Post 1 named the dyad: provenance and intent. Post 2 names the substrate that has to do the work — four surfaces where alignment-grade provenance has to live, and the architectural reason almost no current deployment satisfies any of them.

May 2026 Tom M. Gomez Luminity Digital 13 Min Read
The first post in this series established the structural defect: the question healthcare’s safety culture wants to ask of an agentic action — what was the intent — cannot be load-bearing when the system that produced the action also produces the answer. The dyad of provenance and intent was named. Intent verification was shown to be coordination-grade at best for agentic systems. Provenance was named as the substrate property that has to carry the load instead. This post develops what carrying the load would actually look like. Not as a checklist. As architecture. Four surfaces where alignment-grade provenance has to live for an agentic system in clinical scope to be safely deployable. The fourth axis — authorization — enters here, completing the triad that the rest of the series rests on. And the substrate the surfaces would need is examined honestly: the standards exist, the resource was specified, the deployment pattern did not populate it. The gap is not new. Agents are widening it. Post 02 of three.

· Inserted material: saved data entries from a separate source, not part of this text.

(* Let $\Gamma$ be a gain operator on $\ell^\infty_+(\mathcal I)$ and let $A:=\bigcup_{r\ge0}\mathrm{Fix}(\Gamma^\oplus_{r\mathbf 1})$, where $\Gamma^\oplus_b(s):=b\oplus\Gamma(s)$. The following are equivalent: (a) $\Gamma$ satisfies the $\oplus$-MBI property; (b) $\Sigma(\hat\Gamma)$ is UGS, $\Sigma(\Gamma)$ is GATT$^*$, and $A$ is coercive; (c) $\Sigma(\hat\Gamma)$ is UGS, $\Gamma$ satisfies the NJI condition, and $A$ is coercive; (d) $\Psi(\Gamma)$ is cofinal, $\Gamma$ satisfies the NJI condition, and $A$ is coercive. Here $\hat\Gamma(s):=s\oplus\Gamma(s)$.
   Context: Let $\mathcal I$ be a nonempty countable index set; $\ell^\infty_+(\mathcal I)$ is the cone of nonnegative real families $s=(s_i)_{i\in\mathcal I}$ with $\|s\|:=\sup_i|s_i|<\infty$, ordered componentwise ($s>0$ means $s\ge0$, $s\ne0$); $\mathbf 1$ is the all-ones vector; $\oplus$ is the componentwise maximum. $\mathcal K_\infty$: continuous strictly increasing unbounded $\gamma:\mathbb R_+\to\mathbb R_+$ with $\gamma(0)=0$. For $\mathcal J\subset\mathcal I$, $s_{|\mathcal J}$ agrees with $s$ on $\mathcal J$ and is $0$ elsewhere. A sequence in $\ell^\infty(\mathcal I)$ converges weak$^*$ (viewing $\ell^\infty=(\ell^1)^*$) iff it is norm-bounded and converges componentwise. Gain operator: for each $i$ a finite (possibly empty) $\mathcal I_i\subset\mathcal I\setminus\{i\}$; directed graph $\mathcal G$ with vertices $\mathcal I$ and edges $ji$, $j\in\mathcal I_i$; a pointwise equicontinuous family $\gamma_{ij}\in\mathcal K_\infty$ ($ji\in E(\mathcal G)$); functions $\mu_i:\ell^\infty_+(\mathcal I)\to[0,\infty]$ with (M1) some $\xi\in\mathcal K_\infty$ has $\mu_i(0)=0$, $\mu_i(s)\ge\xi(\|s\|)$; (M2) $\mu_i$ monotone; (M3) for each finite $\mathcal J$, $\mu_i$ restricted to vectors vanishing off $\mathcal J$ is finite-valued and continuous; (M4) for each norm-bounded $A$ and $\varepsilon>0$ there is $\delta>0$ with $\sup_i|\mu_i(s_{|\mathcal I_i})-\mu_i(s^0_{|\mathcal I_i})|\le\varepsilon$ whenever $s^0\in A$, $\|s-s^0\|\le\delta$. $\Gamma_i(s):=\mu_i([\gamma_{ij}(s_j)]_{j\in\mathcal I_i})$ (argument zero outside $\mathcal I_i$). For monotone $T$ with $T(0)=0$: $\mathrm{Fix}(T)$ is the fixed point set, $\Psi(T):=\{s:T(s)\le s\}$; $\Sigma(T)$ is the system $s^{n+1}=T(s^n)$; UGS: $\|T^n(s)\|\le\varphi(\|s\|)$ for some $\varphi\in\mathcal K_\infty$ and all $s,n$; GATT$^*$: $T^n(s)\to0$ weak$^*$ for every $s$. NJI condition: $\Gamma(s)\ge s$ fails for every $s>0$. $\oplus$-MBI property: there is $\varphi\in\mathcal K_\infty$ such that for all $s,b\in\ell^\infty_+(\mathcal I)$, $s\le b\oplus\Gamma(s)$ implies $\|s\|\le\varphi(\|b\|)$. A set $A$ is cofinal if every $s$ has $\hat s\in A$ with $s\le\hat s$; it is coercive if there is $\underline\varphi\in\mathcal K_\infty$ with $s\ge\underline\varphi(\|s\|)\mathbf 1$ for all $s\in A$. *)

From HB Require Import structures.
From mathcomp Require Import all_boot all_order all_algebra.
From mathcomp Require Import all_classical all_reals all_analysis.
Set Implicit Arguments. Unset Strict Implicit. Unset Printing Implicit Defensive.
Import Order.TTheory GRing.Theory Num.Theory.
Import numFieldNormedType.Exports.
Local Open Scope classical_set_scope.
Local Open Scope ring_scope.
(* Let $\Delta=\{\{1,3\},\{1,5\},\{3,5\}\}\in\mathcal{T}_6$. Then $\chi(\mathrm{KG}(\mathcal{T}_6\setminus\{\Delta\}))=4$.
   Context: Label the vertices of a convex hexagon by $1,\dots,6$ in cyclic order; $\mathrm{Diag}_6 = \{\{i,j\} \subseteq [6]: i-j\not\equiv \pm1 \pmod 6\}$; a triangulation is identified with its set of (three) diagonals, and $\mathcal{T}_6$ is the set of triangulations. For a set system $\mathcal{F}$, $\mathrm{KG}(\mathcal{F})$ is the graph on $\mathcal{F}$ with $F,F'$ adjacent iff $F\cap F'=\emptyset$. *)

From mathcomp Require Import all_boot all_order.
Set Implicit Arguments. Unset Strict Implicit. Unset Printing Implicit Defensive.

(* Vertices of the convex hexagon: 'I_6, where i : 'I_6 stands for label i+1. *)
Definition V6 := 'I_6.

Definition adj6 (i j : V6) : bool :=
  ((i + 1) %% 6 == j) || ((j + 1) %% 6 == i).

Definition is_diag (d : {set V6}) : bool :=
  [exists i : V6, exists j : V6, [&& i < j, ~~ adj6 i j & d == [set i; j]]].

(* Two diagonals {a,b}, {c,d} (a<b, c<d) cross iff their endpoints strictly
   interleave around the polygon: a < c < b < d or c < a < d < b. *)
Definition cross (d e : {set V6}) : bool :=
  [exists a : V6, exists b : V6, exists c : V6, exists f : V6,
    [&& d == [set a; b], e == [set c; f], a < c, c < b & b < f]] ||
  [exists a : V6, exists b : V6, exists c : V6, exists f : V6,
    [&& e == [set a; b], d == [set c; f], a < c, c < b & b < f]].
Lemma PW_value_le_class_sums :
  PW_value n h <= 8/7 * (pi1 + sh3 + sh4) + 6/7 * INR count2 + 10/7.
Proof.
  assert (Hhstar : 0 <= maxR (fun j => inS2 (h j)) h n <= 2/3).
  { split; [apply maxR_nonneg | apply maxR_le; [lra | intros; now apply inS2_le]]. }
  assert (HA : 0 <= pi1 + sh3 + sh4).
  { unfold pi1, sh3, sh4. pose proof (pos_INR (countN (fun j => inS1 (h j)) n)).
    assert (0 <= sumR (fun j => rounded3 (h j)) n)
      by (apply sumR_nonneg; intros; apply rounded3_nonneg).
    assert (0 <= sumR (fun j => rounded4 (h j)) n)
      by (apply sumR_nonneg; intros; apply rounded4_nonneg).
    lra. }
  pose proof (pos_INR count2). pose proof (INR_div2_le count2).
  unfold PW_value. cbv zeta.
  change (fun j => if inS3 (h j) then p2 (h j) else 0) with (fun j => rounded3 (h j)).
  change (fun j => if inS4 (h j) then 2/3 * p2 (h j) else 0) with (fun j => rounded4 (h j)).
  fold pi1 count2 sh3 sh4.
  set (hstar := maxR _ h n) in *.
  set (f2 := if Nat.odd count2 then 1/2 else 0).
  assert (Hf2 : f2 <= 1/2) by (unfold f2; destruct (Nat.odd count2); lra).
  set (za := pi1 + INR count2 + floorR sh3 + floorR sh4
             + ceilR (sh3 - floorR sh3 + (sh4 - floorR sh4))).
  set (X := pi1 + INR (Nat.div2 count2) + floorR sh3 + floorR sh4
            + ceilR (f2 + (sh3 - floorR sh3) + (sh4 - floorR sh4))).
  assert (Hza : za <= pi1 + sh3 + sh4 + INR count2 + 1)
    by (unfold za; pose proof (ceilR_le (sh3 - floorR sh3 + (sh4 - floorR sh4))); lra).
  assert (HX : X <= pi1 + sh3 + sh4 + INR count2 / 2 + 3/2)
    by (unfold X; pose proof (ceilR_le (f2 + (sh3 - floorR sh3) + (sh4 - floorR sh4))); lra).
  assert (Hzb : 2 * hstar * X <= 4/3 * (pi1 + sh3 + sh4) + 2/3 * INR count2 + 2) by nra.
  destruct (Nat.eqb_spec count2 0) as [Hc2|_].
  - rewrite Hc2 in Hza |- *. simpl in Hza |- *. lra.
  - pose proof (Rmin_le_convex za (2 * hstar * X) (4/7) ltac:(lra)). lra.
Qed.

End ClassSums.

Lemma PW_value_le_sum n h : (forall j, (1 <= j <= n)%nat -> 0 < h j) ->
  PW_value n h <= 12/7 * sumR h n + 10/7.
Proof.
  intro Hpos.
  pose proof (PW_value_le_class_sums n h). pose proof (class_sums_le n h Hpos).
  lra.
Qed.

Lemma Rle_of_linear_bound a b c :
  (forall t : nat, INR t * a <= INR t * b + c) -> a <= b.
Proof.
  intro Hlin. destruct (Rle_lt_dec a b) as [|Hba]; [assumption|].
  destruct (INR_unbounded (c / (a - b))) as [t Ht].
  assert (Hc : c / (a - b) * (a - b) = c) by (field; lra).
  specialize (Hlin t). nra.
Qed.

Definition cut_count (sigma : nat -> nat) (j t : nat) : R :=
  sumR (fun s => if Nat.eqb (sigma s) j then 1 else 0) t.

Lemma sumR_cut_count_le sigma n t : sumR (fun j => cut_count sigma j t) n <= INR t.
Proof.
  unfold cut_count. rewrite sumR_swap.
  replace (INR t) with (sumR (fun _ => 1) t) by (rewrite sumR_const; lra).
  apply sumR_le. intros s _. apply sumR_eqb_le1.
Qed.

Section Schedule.

Variables (n : nat) (h : nat -> R) (sigma : nat -> nat) (K : R).
Hypothesis height_le_K : schedule_height_le n h sigma K.

Lemma height_after_le j t : (1 <= j <= n)%nat -> height_after h sigma j t <= K - h j.
Proof.
  intro Hj. pose proof (height_le_K (S t) j ltac:(lia) Hj) as Hbefore.
  unfold height_before in Hbefore. rewrite Nat.sub_1_r in Hbefore. simpl in Hbefore. lra.
Qed.

(* Each cut removes a height of at most K. *)
Lemma growth_le_cuts j t : (1 <= j <= n)%nat ->
  INR t * h j <= K * cut_count sigma j t + height_after h sigma j t.
Proof.
  intro Hj. unfold cut_count. induction t as [|t IH]; [simpl; lra|].
  pose proof (height_after_le j t Hj).
  rewrite S_INR. simpl sumR; simpl height_after.
  destruct (Nat.eqb (sigma (S t)) j); lra.
Qed.

Lemma sumR_le_height : 0 <= K -> sumR h n <= K.
Proof.
  intro HK0. apply (Rle_of_linear_bound _ _ (INR n * K - sumR h n)). intro t.
  assert (Hsum : sumR (fun j => INR t * h j) n
                 <= sumR (fun j => K * cut_count sigma j t + (K + -1 * h j)) n).
  { apply sumR_le. intros j Hj.
    pose proof (growth_le_cuts j t Hj). pose proof (height_after_le j t Hj). lra. }
  rewrite !sumR_add, !sumR_scal, sumR_const in Hsum.
  pose proof (sumR_cut_count_le sigma n t).
  nra.
Qed.

End Schedule.

Theorem proposition1 (eps : R) (Heps : 0 < eps) :
  exists M : R, 0 < M /\
    forall (n : nat) (h : nat -> R),
      (1 <= n)%nat ->
      h 1%nat = 1 ->
      (forall j : nat, (1 <= j)%nat -> (j < n)%nat -> h (S j) <= h j) ->
      0 < h n ->
      M <= sumR h n ->
      forall (sigma : nat -> nat) (K : R),
        valid_schedule n sigma ->
        schedule_height_le n h sigma K ->
        PW_value n h <= (12/7 + eps) * K.
Proof.
  exists (10 / (7 * eps)). split; [apply Rdiv_lt_0_compat; lra|].
  intros n h Hn H1 Hmono Hlast HM sigma K _ HK.
  assert (Hpos : forall j, (1 <= j <= n)%nat -> 0 < h j).
  { intros j Hj. pose proof (nonincreasing_ge_last h n Hmono j Hj). lra. }
  assert (HK1 : 1 <= K).
  { rewrite <- H1. pose proof (height_after_le n h sigma K HK 1 0 ltac:(lia)).
    simpl in *. lra. }
  pose proof (PW_value_le_sum n h Hpos) as Hupper.
  pose proof (sumR_le_height n h sigma K HK ltac:(lra)) as Hlower.
  assert (Hslack : 10/7 <= eps * K).
  { replace (10/7) with (eps * (10 / (7 * eps))) by (field; lra).
    apply Rmult_le_compat_l; lra. }
  lra.
Qed.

From the dyad to the triad

Post 1 named two structural properties: provenance (what happened, with what attestation) and intent (what the actor was trying to do). For humans, both could be questioned because both had substrates underneath them — the chart, the deposition, the peer record, the professional reputation. For agents, only provenance can be made structurally answerable. Intent verification by examining the agent’s own reasoning collapses into the alibi problem.

The dyad explains the failure. It does not, by itself, describe the substrate.

To describe the substrate, a third axis has to be named: authorization. Authorization is not the same as provenance. Provenance asks what happened, attested by whom. Authorization asks what was permitted in this session, by what authority, within what scope. The two are independently necessary. A perfectly attested chain of artifact history is silent on whether the action that emitted at the end of the chain was sanctioned to emit. An impeccable authorization record is silent on whether the artifact chain that fed the decision was untampered.

Intent then becomes the third axis. What was the actor trying to accomplish. For humans, this third axis was the one the M&M conference asked about, because the other two were already grounded in substrate. For agents, the structural argument of Post 1 holds: intent verification, examined through the agent’s own outputs, cannot be load-bearing. Which means provenance and authorization have to be substrate-level — alignment-grade — or the system has no foundation at all.

The Triad, Named

Provenance — what happened, attested by whom, traceable from outside the actor.

Authorization — what was permitted in this session, by what authority, within what scope, independent of the actor’s claim.

Intent — what the actor was trying to accomplish. For agents, this remains coordination-grade and cannot be made load-bearing through the agent’s own outputs.

Two of these properties have to be structurally enforceable from outside the system that emitted the action. The third — intent — can only ever be coordination-grade for agents, layered on top of the two that carry the load. Post 2 is about the two that have to carry the load.

What alignment-grade actually means

The term alignment-grade has been used in this series as a structural distinction, separate from coordination-grade controls that share form but lack load-bearing properties. It is worth defining precisely now, because the next section will use it to describe what each of the four surfaces has to be.

A control or a substrate property is alignment-grade when it satisfies three conditions.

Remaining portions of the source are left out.